═══ DATA PROVIDED

(* Let $k,m$ be integers with $k\geqslant 2$ and $m>2k$, and let $n=2k-2$. Then $\alpha(m,n,k)=h(m,n,k)$. Moreover, every $(m,2k-2,k)$-intersecting family of maximum cardinality is of the form \[ \binom{[2k-2]}{k}\cup\{F\cup\{b\}\mid F\in\mathcal{F}^*,\ b\in[2k-1,m]\}, \] where $\mathcal{F}^*$ is an intersecting family of $(k-1)$-subsets of $[2k-2]$ of maximum cardinality.
   Context: For positive integers $a\leqslant b$, $[a,b]=\{a,a+1,\dots,b\}$ and $[a]=[1,a]$; $\binom{X}{k}$ denotes the family of all $k$-subsets of a set $X$. A family of sets is intersecting if no two of its members are disjoint. For integers $0<k\leqslant n<2k<m$, an $(m,n,k)$-intersecting family is an intersecting family $\mathcal{F}$ with $\binom{[n]}{k}\subseteq\mathcal{F}\subseteq\binom{[m]}{k}$, and $\alpha(m,n,k)$ is the maximum cardinality of an $(m,n,k)$-intersecting family. Define $h(m,n,k)=\binom{n}{k}+\sum_{i=1}^{2k-n-1}\binom{n-1}{k-i-1}\binom{m-n}{i}$. *)

(* Ground set [m] = {1..m} is modelled by 'I_m, where the
   ordinal i stands for the integer i+1. Hence [a] = {i : 'I_m | i < a}
   and [a,b] = {i : 'I_m | a-1 <= i < b}. *)
From mathcomp Require Import all_boot.
Set Implicit Arguments. Unset Strict Implicit. Unset Printing Implicit Defensive.

Definition intersecting (T : finType) (F : {set {set T}}) : bool :=
  [forall A in F, forall B in F, A :&: B != set0].

Definition seg (m a : nat) : {set 'I_m} := [set i : 'I_m | i < a].

Arguments seg : clear implicits.

Definition ksubsets (m a k : nat) : {set {set 'I_m}} :=
  [set A : {set 'I_m} | (#|A| == k) && (A \subset seg m a)].

Arguments ksubsets : clear implicits.

Definition mnk_intersecting (m n k : nat) (F : {set {set 'I_m}}) : bool :=
  [&& intersecting F, ksubsets m n k \subset F & F \subset ksubsets m m k].

Arguments mnk_intersecting : clear implicits.

Definition alpha (m n k : nat) : nat :=
  \max_(F : {set {set 'I_m}} | mnk_intersecting m n k F) #|F|.

Definition h (m n k : nat) : nat :=
  'C(n, k) + \sum_(1 <= i < 2 * k - n) 'C(n - 1, k - i - 1) * 'C(m - n, i).
(* Let $X$ be an uncountable regular topological space which is open Whyburn and $\mathcal{K}$-Lindel\''{o}f. Then $X$ is a Lusin space.
   Context: A space $X$ is open Whyburn if for every open set $A\subseteq X$ and every point $x\in\overline{A}\setminus A$ there is an open set $B\subseteq A$ with $\overline{B}\setminus A=\{x\}$. $\mathcal{K}$ denotes the collection of all families $\mathcal{U}$ of open subsets of $X$ such that $X=\bigcup\{\overline{U}:U\in\mathcal{U}\}$. $X$ is $\mathcal{K}$-Lindel\''{o}f if every $\mathcal{U}\in\mathcal{K}$ has a countable subfamily belonging to $\mathcal{K}$. A Hausdorff space $X$ is a Lusin space (in the sense of Kunen) if (a) every nowhere dense subset of $X$ is countable, (b) $X$ has at most countably many isolated points, and (c) $X$ is uncountable. *)

From mathcomp Require Import all_boot all_order.
From mathcomp Require Import all_classical all_reals all_analysis.
Set Implicit Arguments. Unset Strict Implicit. Unset Printing Implicit Defensive.
Local Open Scope classical_set_scope.

Definition open_whyburn (X : topologicalType) : Prop :=
  forall A : set X, open A -> forall x : X, closure A x -> ~ A x ->
    exists B : set X, [/\ open B, B `<=` A & closure B `\` A = [set x]].

Definition in_K (X : topologicalType) (U : set (set X)) : Prop :=
  (forall V, U V -> open V) /\ \bigcup_(V in U) closure V = [set: X].

Definition K_lindelof (X : topologicalType) : Prop :=
  forall U : set (set X), in_K U ->
    exists U' : set (set X), [/\ U' `<=` U, countable U' & in_K U'].

Definition nowhere_dense (X : topologicalType) (A : set X) : Prop :=
  interior (closure A) = set0.

Definition isolated_point (X : topologicalType) (x : X) : Prop :=
  open [set x].

(* Lusin space in the sense of Kunen *)
Definition lusin_space (X : topologicalType) : Prop :=
  [/\ hausdorff_space X,
      (forall A : set X, nowhere_dense A -> countable A),
      countable [set x : X | isolated_point x]
    & ~ countable [set: X]].

From mathcomp Require Import all_boot all_order.
From mathcomp Require Import all_classical all_reals all_analysis.
Local Open Scope classical_set_scope.

(* A K-Lindelof space contains no uncountable set S such that every point lies
   in the closure of an open set whose closure meets S in at most one point:
   these open sets form a member of K, and a countable subfamily in K writes S
   as a countable union of sets with at most one point.  For a closed nowhere dense M, open Whyburn
   provides at each x in M an open B disjoint from M with cl B meeting M exactly
   in x, and regularity handles the points off M.  For the set I of isolated
   points, cl I \ I is closed nowhere dense, hence countable.  If I were
   uncountable, Whyburn sets at the points of cl I \ I, together with a
   splitting of an uncountable set into two uncountable halves, would give an
   uncountable J included in I with cl I \ I included in cl (I \ J); the
   counting argument then applies to J, because an isolated point in the
   closure of a set belongs to the set. *)

Lemma countableU T (A B : set T) :
  countable A -> countable B -> countable (A `|` B).
Proof.
by move=> cA cB; rewrite -bigcup2E; apply: bigcup_countable => // -[|[|]].
Qed.

Lemma subset1_countable T (A : set T) : is_subset1 A -> countable A.
Proof.
move=> A1; apply/countable_injP; exists (fun=> 0%N) => x y /[!inE] Ax Ay _.
exact: A1.
Qed.

Lemma countable_inj_image {T U} {f : T -> U} {A : set T} :
  {in A &, injective f} -> countable (f @` A) = countable A.
Proof. by move=> /inj_card_eq /eq_countable. Qed.

Section uncountable_split.
Context {T : Type} (S : set T).

(* Splitting without a well-order: a maximal matching pairs off all points of S
   but at most one, and the first coordinates of its pairs form one half. *)
Definition endpoint (p : T * T) (x : T) := p.1 = x \/ p.2 = x.

Definition matching (M : set (T * T)) :=
  (forall p, M p -> [/\ S p.1, S p.2 & p.1 <> p.2]) /\
  (forall p q x, M p -> M q -> endpoint p x -> endpoint q x -> p = q).

Lemma exists_maximal_matching :
  exists M, matching M /\ forall N, M `<` N -> ~ matching N.
Proof.
apply: Zorn_bigcup => F Fmatch Ftot; split.
  by move=> p [M FM Mp]; exact: (Fmatch M FM).1.
move=> p q x [M FM Mp] [N FN Nq].
have [MN|NM] := Ftot M N FM FN.
- exact: (Fmatch N FN).2 p q x (MN p Mp) Nq.
- exact: (Fmatch M FM).2 p q x Mp (NM q Nq).
Qed.

Section maximal_matching.
Variable M : set (T * T).
Hypotheses (matchM : matching M) (maxM : forall N, M `<` N -> ~ matching N).

Let unmatched := [set u | S u /\ forall p, M p -> ~ endpoint p u].

Lemma unmatched_subset1 : is_subset1 unmatched.
Proof.
move=> u v [Su Mu] [Sv Mv]; apply: contrapT => uv.
apply: (maxM (M `|` [set (u, v)])).
  split; first exact: subsetUl.
  by move=> /(_ (u, v) (or_intror erefl)) /Mu; apply; left.
split=> [p [/matchM.1 //| ->] //|].
have endpoint_uv p x : M p -> endpoint (u, v) x -> ~ endpoint p x.
  by move=> Mp [<-|<-]; [exact: Mu | exact: Mv].
move=> p q x [Mp|->] [Mq|->] px qx //.
- exact: matchM.2 px qx.
- by case: (endpoint_uv p x Mp qx px).
- by case: (endpoint_uv q x Mq px qx).
Qed.

Lemma matching_cover : S `<=` fst @` M `|` snd @` M `|` unmatched.
Proof.
move=> s Ss.
have [[p Mp [<-|<-]]|none] := pselect (exists2 p, M p & endpoint p s).
- by left; left; exists p.
- by left; right; exists p.
- by right; split=> // p Mp ps; apply: none; exists p.
Qed.

Lemma matching_fst_inj : {in M &, injective fst}.
Proof.
move=> p q /[!inE] Mp Mq pq.
by apply: (matchM.2 p q p.1) => //; [left | left; rewrite pq].
Qed.

Lemma matching_snd_inj : {in M &, injective snd}.
Proof.
move=> p q /[!inE] Mp Mq pq.
by apply: (matchM.2 p q p.2) => //; [right | right; rewrite pq].
Qed.

Lemma matching_snd_sub : snd @` M `<=` S `\` fst @` M.
Proof.
move=> _ [p Mp <-]; have [_ Sp2 p12] := matchM.1 p Mp; split=> // -[q Mq qp].
have qp' : q = p := matchM.2 q p p.2 Mq Mp (or_introl qp) (or_intror erefl).
by apply: p12; rewrite -qp qp'.
Qed.

Lemma maximal_matching_split : ~ countable S ->
  ~ countable (fst @` M) /\ ~ countable (S `\` fst @` M).
Proof.
move=> nS; have cMS : countable M -> countable S.
  move=> cM; apply: sub_countable (subset_card_le matching_cover) _.
  apply: countableU; last exact: subset1_countable unmatched_subset1.
  by apply: countableU;
    [rewrite (countable_inj_image matching_fst_inj)
    |rewrite (countable_inj_image matching_snd_inj)].
split; first by rewrite (countable_inj_image matching_fst_inj) => /cMS.
move=> cD; apply/nS/cMS; rewrite -(countable_inj_image matching_snd_inj).
exact: sub_countable (subset_card_le matching_snd_sub) cD.
Qed.

End maximal_matching.

Lemma split_uncountable : ~ countable S ->
  exists P, [/\ P `<=` S, ~ countable P & ~ countable (S `\` P)].
Proof.
move=> nS; have [M [matchM maxM]] := exists_maximal_matching.
have [nP nD] := maximal_matching_split _ matchM maxM nS.
exists (fst @` M); split=> // _ [p Mp <-].
by have [] := matchM.1 p Mp.
Qed.

End uncountable_split.

Section topology.
Context {X : topologicalType}.
Implicit Types (A B D J M N U V : set X) (x y : X).

Lemma closure_openP A x :
  closure A x <-> forall U, open U -> U x -> A `&` U !=set0.
Proof.
split=> [Ax U oU Ux|AU B]; first exact/Ax/open_nbhs_nbhs.
rewrite nbhsE => -[U [oU Ux] UB].
by have [y [Ay /UB By]] := AU U oU Ux; exists y.
Qed.

Lemma closureI_open A U : open U -> closure A `&` U `<=` closure (A `&` U).
Proof.
move=> oU x [/closure_openP Ax Ux]; apply/closure_openP => W oW Wx.
by have [y [Ay [Uy Wy]]] := Ax (U `&` W) (openI oU oW) (conj Ux Wx); exists y.
Qed.

Lemma interior_closureD A : (closure A `\` A)° = set0.
Proof.
apply/seteqP; split=> // x; rewrite /interior nbhsE => -[W [oW Wx] WR].
have [y [Ay Wy]] := (closure_openP _ _).1 (WR x Wx).1 W oW Wx.
by have [_] := WR y Wy.
Qed.

Lemma closure_split_uncountable A x : ~ countable A -> closure A x ->
  exists J, [/\ J `<=` A, ~ countable J & closure (A `\` J) x].
Proof.
move=> nA clA; have [P [PA nP nAP]] := split_uncountable _ nA.
have : closure (P `|` A `\` P) x by rewrite setDUK.
rewrite closureU => -[clP|clAP]; last by exists P.
by exists (A `\` P); split=> //; rewrite setDD setIidr.
Qed.

Lemma isolated_closure A x : isolated_point x -> closure A x -> A x.
Proof. by move=> ox /closure_openP /(_ _ ox erefl) [y [Ay <-]]. Qed.

Lemma open_isolated_subset D : D `<=` [set x | isolated_point x] -> open D.
Proof.
move=> DI; rewrite openE => x Dx.
apply: (@filterS _ _ _ [set x]) => [_ -> //|].
exact/open_nbhs_nbhs/(conj (DI x Dx)).
Qed.

Section lusin.
Hypotheses (reg : regular_space X) (wh : open_whyburn X) (KL : K_lindelof X).

Lemma regular_open_nbhs {x U} : open U -> U x ->
  exists V, [/\ open V, V x & closure V `<=` U].
Proof.
move=> oU Ux; have [C] := reg x U (open_nbhs_nbhs (conj oU Ux)).
rewrite nbhsE => -[V [oV Vx] VC] CU.
by exists V; split=> //; exact: subset_trans (closureS VC) CU.
Qed.

Lemma accessible_regular_hausdorff : accessible_space X -> hausdorff_space X.
Proof.
move=> acc p q pq; apply: contrapT => npq.
have oq : open (~` [set q]) by exact/closed_openC/accessible_closed_set1.
have [V [oV Vp Vq]] := regular_open_nbhs oq npq.
have oW : open (~` closure V) by exact/closed_openC/closed_closure.
have [z [Vz Wz]] := pq V _ (open_nbhs_nbhs (conj oV Vp))
  (open_nbhs_nbhs (conj oW (fun qV => Vq q qV erefl))).
exact/Wz/subset_closure.
Qed.

Lemma K_lindelof_countable S :
  (forall x, exists V,
    [/\ open V, closure V x & is_subset1 (closure V `&` S)]) ->
  countable S.
Proof.
move=> coverS; pose U := [set V | open V /\ is_subset1 (closure V `&` S)].
have [|U' [U'U cU' [_ U'cover]]] := KL U.
  split=> [V []//|]; apply/seteqP; split=> // x _.
  by have [V [oV Vx V1]] := coverS x; exists V.
apply: (@sub_countable _ _ _ (\bigcup_(V in U') (closure V `&` S))).
  apply: subset_card_le => x Sx.
  by have : [set: X] x by []; rewrite -U'cover => -[V U'V Vx]; exists V.
by apply: bigcup_countable => // V /U'U [_ /subset1_countable].
Qed.

Lemma closed_nowhere_dense_countable M : closed M -> M° = set0 -> countable M.
Proof.
move=> cM M0; apply: K_lindelof_countable => x.
have oCM : open (~` M) by exact: closed_openC.
have [Mx|nMx] := pselect (M x); last first.
  have [V [oV Vx VM]] := regular_open_nbhs oCM nMx.
  exists V; split=> //; first exact: subset_closure.
  by move=> a b [/VM aM /aM].
have clx : closure (~` M) x by rewrite closure_setC M0.
have [B [oB _]] := wh _ oCM _ clx (fun nM => nM Mx).
rewrite setDE setCK => BM; exists B; rewrite BM; split=> //.
  by have [] : (closure B `&` M) x by rewrite BM.
by move=> a b -> ->.
Qed.

Lemma nowhere_dense_countable N : nowhere_dense N -> countable N.
Proof.
move=> N0; apply: sub_countable (subset_card_le (@subset_closure _ N)) _.
exact: closed_nowhere_dense_countable (@closed_closure _ N) N0.
Qed.

Lemma open_whyburn_choice A : open A -> exists B : X -> set X,
  forall y, (closure A `\` A) y -> B y `<=` A /\ closure (B y) `\` A = [set y].
Proof.
move=> oA; suff /boolp.choice[B HB] : forall y, exists By,
    (closure A `\` A) y -> By `<=` A /\ closure By `\` A = [set y].
  by exists B.
move=> y; have [[cy nAy]|nRy] := pselect ((closure A `\` A) y).
  by have [By [_ ByA ByE]] := wh _ oA _ cy nAy; exists By.
by exists set0 => /nRy.
Qed.

Let I := [set x : X | isolated_point x].

Lemma countable_isolated_subset J : J `<=` I ->
  closure I `\` I `<=` closure (I `\` J) -> countable J.
Proof.
move=> JI RJ; apply: K_lindelof_countable => x.
suff [V [oV Vx VJ]] : exists V, [/\ open V, closure V x & is_subset1 (V `&` J)].
  exists V; split=> // a b [Va Ja] [Vb Jb].
  by apply: VJ; split=> //; exact: isolated_closure (JI _ _) _.
have [Ix|nIx] := pselect (I x).
  exists [set x]; split=> //; first exact: subset_closure.
  by move=> a b [-> _] [-> _].
have [clx|nclx] := pselect (closure I x).
  exists (I `\` J); split; [|exact: RJ|by move=> a b [[_ + ]]].
  by apply: open_isolated_subset => y [].
exists (~` closure I); split=> //; [exact/closed_openC/closed_closure | |].
  exact: subset_closure.
by move=> a b [nIa /JI Ia]; case: nIa; exact: subset_closure.
Qed.

Lemma exists_uncountable_isolated_codense :
  ~ countable I -> countable (closure I `\` I) ->
  exists J,
    [/\ J `<=` I, ~ countable J & closure I `\` I `<=` closure (I `\` J)].
Proof.
set R := closure I `\` I => nI cR.
have oI : open I by exact: open_isolated_subset.
have [B HB] := open_whyburn_choice _ oI.
have Bcl y : R y -> closure (B y) y.
  move=> Ry; have [_ BE] := HB y Ry.
  by have [] : (closure (B y) `\` I) y by rewrite BE.
have Bcl_notin y y' : R y -> R y' -> y' <> y -> ~ closure (B y) y'.
  move=> Ry Ry' ne cl; have [_ BE] := HB y Ry.
  have : (closure (B y) `\` I) y' by split=> //; exact: Ry'.2.
  by rewrite BE; exact: ne.
(* Either split an uncountable B y0, keeping in I \ J a half that still
   accumulates at y0 (the other points of R are kept away from cl (B y0)),
   or remove from I the countable union of all the B y. *)
have [[y0 Ry0 nB0]|cB] := pselect (exists2 y0, R y0 & ~ countable (B y0)).
  have [B0I _] := HB y0 Ry0.
  have [J [JB nJ clJ]] := closure_split_uncountable _ _ nB0 (Bcl y0 Ry0).
  exists J; split=> //; first exact: subset_trans JB B0I.
  move=> y Ry; have [->|ney] := pselect (y = y0).
    by apply: closureS clJ => z [/B0I Iz nJz].
  have oC : open (~` closure (B y0)) by exact/closed_openC/closed_closure.
  have := closureI_open _ _ oC _ (conj (Bcl y Ry) (Bcl_notin y0 y Ry0 Ry ney)).
  apply: closureS => z [Bz nB0z]; have [BI _] := HB y Ry.
  by split=> [|/JB /subset_closure //]; exact: BI.
set U := \bigcup_(y in R) B y.
have UI : U `<=` I by move=> z [y Ry Bz]; have [BI _] := HB y Ry; exact: BI.
exists (I `\` U); split=> //.
  apply: contra_not nI => cIU; rewrite -(setDUK UI); apply: countableU cIU.
  apply: bigcup_countable => // y Ry.
  by apply: contrapT => nBy; apply: cB; exists y.
move=> y Ry; apply: closureS (Bcl y Ry) => z Bz.
by split=> [|[_]]; [apply: UI | apply]; exists y.
Qed.

Lemma isolated_points_countable : countable I.
Proof.
have cR : countable (closure I `\` I).
  apply: closed_nowhere_dense_countable; last exact: interior_closureD.
  rewrite setDE; apply: closedI; first exact: closed_closure.
  exact/open_closedC/open_isolated_subset.
apply: contrapT => nI.
have [J [JI nJ RJ]] := exists_uncountable_isolated_codense nI cR.
exact: nJ (countable_isolated_subset _ JI RJ).
Qed.

End lusin.
End topology.

Theorem lemma3p1 (X : topologicalType) :
  ~ countable [set: X] ->
  accessible_space X -> regular_space X ->
  open_whyburn X -> K_lindelof X ->
  lusin_space X.
Proof.
move=> nX acc reg wh KL; split=> //.
- exact: accessible_regular_hausdorff.
- exact: nowhere_dense_countable.
- exact: isolated_points_countable.
Qed.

══════

TASK TO CARRY OUT
Using the data above, count the lines that include "nbhsE" and write the number alone.

RESPONSE
3